(Beginning of DATA TO PROCESS)

(* The class of PCGs is a strict subset of the intersection of the class of $2$-AND-PCGs and the class of $2$-interval-PCGs; i.e., every PCG is both a $2$-AND-PCG and a $2$-interval-PCG, and there is a graph that is both a $2$-AND-PCG and a $2$-interval-PCG but not a PCG.
   Context: All trees are unrooted with edges weighted by nonnegative reals; $d_T(u,v)$ is the weight of the path between leaves $u,v$ of $T$. A graph $H$ is a PCG if there exist a tree $T$ with leaf set $V(H)$ and an interval $I$ of nonnegative reals such that $\{u,v\}\in E(H)$ iff $d_T(u,v)\in I$. A graph $G$ is a $k$-interval-PCG if there exist a tree $T$ with leaf set $V(G)$ and $k$ pairwise disjoint intervals $I_1,\ldots,I_k$ of nonnegative reals such that $\{u,v\}\in E(G)$ iff $d_T(u,v)\in I_i$ for some $i$. A graph $G=(V,E)$ is a $k$-AND-PCG if there exist $k$ PCGs $G_1,\ldots,G_k$ on vertex set $V$ with $E=\bigcap_i E(G_i)$. *)

From HB Require Import structures.
From mathcomp Require Import all_boot all_order all_algebra.
From mathcomp Require Import Rstruct.
Set Implicit Arguments. Unset Strict Implicit. Unset Printing Implicit Defensive.
Import Order.TTheory GRing.Theory Num.Theory.
Local Open Scope ring_scope.

Notation R := Rdefinitions.R.

Definition is_graph (V : finType) (E : rel V) : Prop :=
  symmetric E /\ irreflexive E.

Definition has_cycle (N : finType) (e : rel N) : Prop :=
  exists (x : N) (p : seq N),
    (2 <= size p)%N /\ uniq (x :: p) /\ path e x p /\ e (last x p) x.

Definition is_tree (N : finType) (e : rel N) : Prop :=
  (0 < #|N|)%N /\ is_graph e /\ (forall x y : N, connect e x y) /\ ~ has_cycle e.

Definition degree (N : finType) (e : rel N) (x : N) : nat := #|[set y | e x y]|.

Definition is_leaf (N : finType) (e : rel N) (x : N) : bool := (degree e x <= 1)%N.

Fixpoint pweight (N : Type) (w : N -> N -> R) (x : N) (p : seq N) : R :=
  match p with
  | [::] => 0
  | y :: q => w x y + pweight w y q
  end.

Definition weighted_tree_on (V N : finType) (e : rel N) (w : N -> N -> R)
    (f : V -> N) : Prop :=
  is_tree e /\
  (forall x y, e x y -> 0 <= w x y /\ w x y = w y x) /\
  injective f /\
  (forall x : N, is_leaf e x <-> exists v : V, f v = x).

Definition dist_in (N : finType) (e : rel N) (w : N -> N -> R) (a b : N)
    (I : interval R) : Prop :=
  exists p : seq N,
    [/\ path e a p, last a p = b, uniq (a :: p) & pweight w a p \in I].

Definition nonneg_itv (I : interval R) : Prop := forall x : R, x \in I -> 0 <= x.

Definition PCG (V : finType) (E : rel V) : Prop :=
  is_graph E /\
  exists (N : finType) (e : rel N) (w : N -> N -> R) (f : V -> N) (I : interval R),
    weighted_tree_on e w f /\ nonneg_itv I /\
    forall u v : V, u != v -> (E u v <-> dist_in e w (f u) (f v) I).

Definition k_interval_PCG (k : nat) (V : finType) (E : rel V) : Prop :=
  is_graph E /\
  exists (N : finType) (e : rel N) (w : N -> N -> R) (f : V -> N)
         (I : 'I_k -> interval R),
    weighted_tree_on e w f /\
    (forall i, nonneg_itv (I i)) /\
    (forall i j : 'I_k, i != j -> forall x : R, ~ (x \in I i /\ x \in I j)) /\
    forall u v : V, u != v ->
      (E u v <-> exists i : 'I_k, dist_in e w (f u) (f v) (I i)).

Definition k_AND_PCG (k : nat) (V : finType) (E : rel V) : Prop :=
  is_graph E /\
  exists Es : 'I_k -> rel V,
    (forall i, PCG (Es i)) /\ forall u v : V, E u v = [forall i, Es i u v].

From mathcomp Require Import all_boot all_order all_algebra.
From mathcomp Require Import Rstruct lra.
Set Implicit Arguments. Unset Strict Implicit. Unset Printing Implicit Defensive.
Import Order.TTheory GRing.Theory Num.Theory.
Local Open Scope ring_scope.

(* Every PCG is a 2-AND-PCG (intersect it with itself) and a 2-interval-PCG (add
   an empty second interval).
   The separating graph is the complement of two disjoint 4-cycles. With leaf
   weights 1, 1, 4, 4, 2, 2, 3, 3 its edges are the pairs whose weights do not sum
   to 5, so a star with the intervals [0, 5[ and ]5, +oo[ realizes it, and so does
   the intersection of two suitable stars with the window [2, 6].
   It is not a PCG. Leaf distances d of a weighted tree satisfy the four-point
   condition: none of d(a,b) + d(c,x), d(a,c) + d(b,x), d(a,x) + d(b,c) exceeds
   both others (project c and x onto the path from a to b). If an interval I
   realized the graph, edges would have their distance in I and each of the eight
   non-edges a distance below or above I, so distances increase strictly along the
   levels below < inside < above. For each of the 2^8 placements of the non-edges a
   finite check finds four leaves and a pairing of them whose pairs have strictly
   higher levels than those of either other pairing, against the four-point
   condition. *)

Section SeqFacts.
Variable T : eqType.

Lemma split_first_hit (s : pred T) x r : s (last x r) ->
  exists r1 r2, [/\ r = r1 ++ r2, s (last x r1) & all (predC s) (belast x r1)].
Proof.
elim: r x => [|z r IH] x /= sr; first by exists [::], [::].
case sx: (s x); first by exists [::], (z :: r); rewrite /= sx.
have [r1 [r2 [-> s1 s2]]] := IH z sr.
by exists (z :: r1), r2; rewrite /= sx s2.
Qed.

(End of DATA TO PROCESS)

» **WORK INSTRUCTION**
Above are some records; copy exactly the lines from the one with "condition: none of" through the one with "have [r1 [r2 [-> s1 s2]]] := IH z sr.", both included, and no others.

» **OUTPUT OF THE TASK**
   condition: none of d(a,b) + d(c,x), d(a,c) + d(b,x), d(a,x) + d(b,c) exceeds
   both others (project c and x onto the path from a to b). If an interval I
   realized the graph, edges would have their distance in I and each of the eight
   non-edges a distance below or above I, so distances increase strictly along the
   levels below < inside < above. For each of the 2^8 placements of the non-edges a
   finite check finds four leaves and a pairing of them whose pairs have strictly
   higher levels than those of either other pairing, against the four-point
   condition. *)

Section SeqFacts.
Variable T : eqType.

Lemma split_first_hit (s : pred T) x r : s (last x r) ->
  exists r1 r2, [/\ r = r1 ++ r2, s (last x r1) & all (predC s) (belast x r1)].
Proof.
elim: r x => [|z r IH] x /= sr; first by exists [::], [::].
case sx: (s x); first by exists [::], (z :: r); rewrite /= sx.
have [r1 [r2 [-> s1 s2]]] := IH z sr.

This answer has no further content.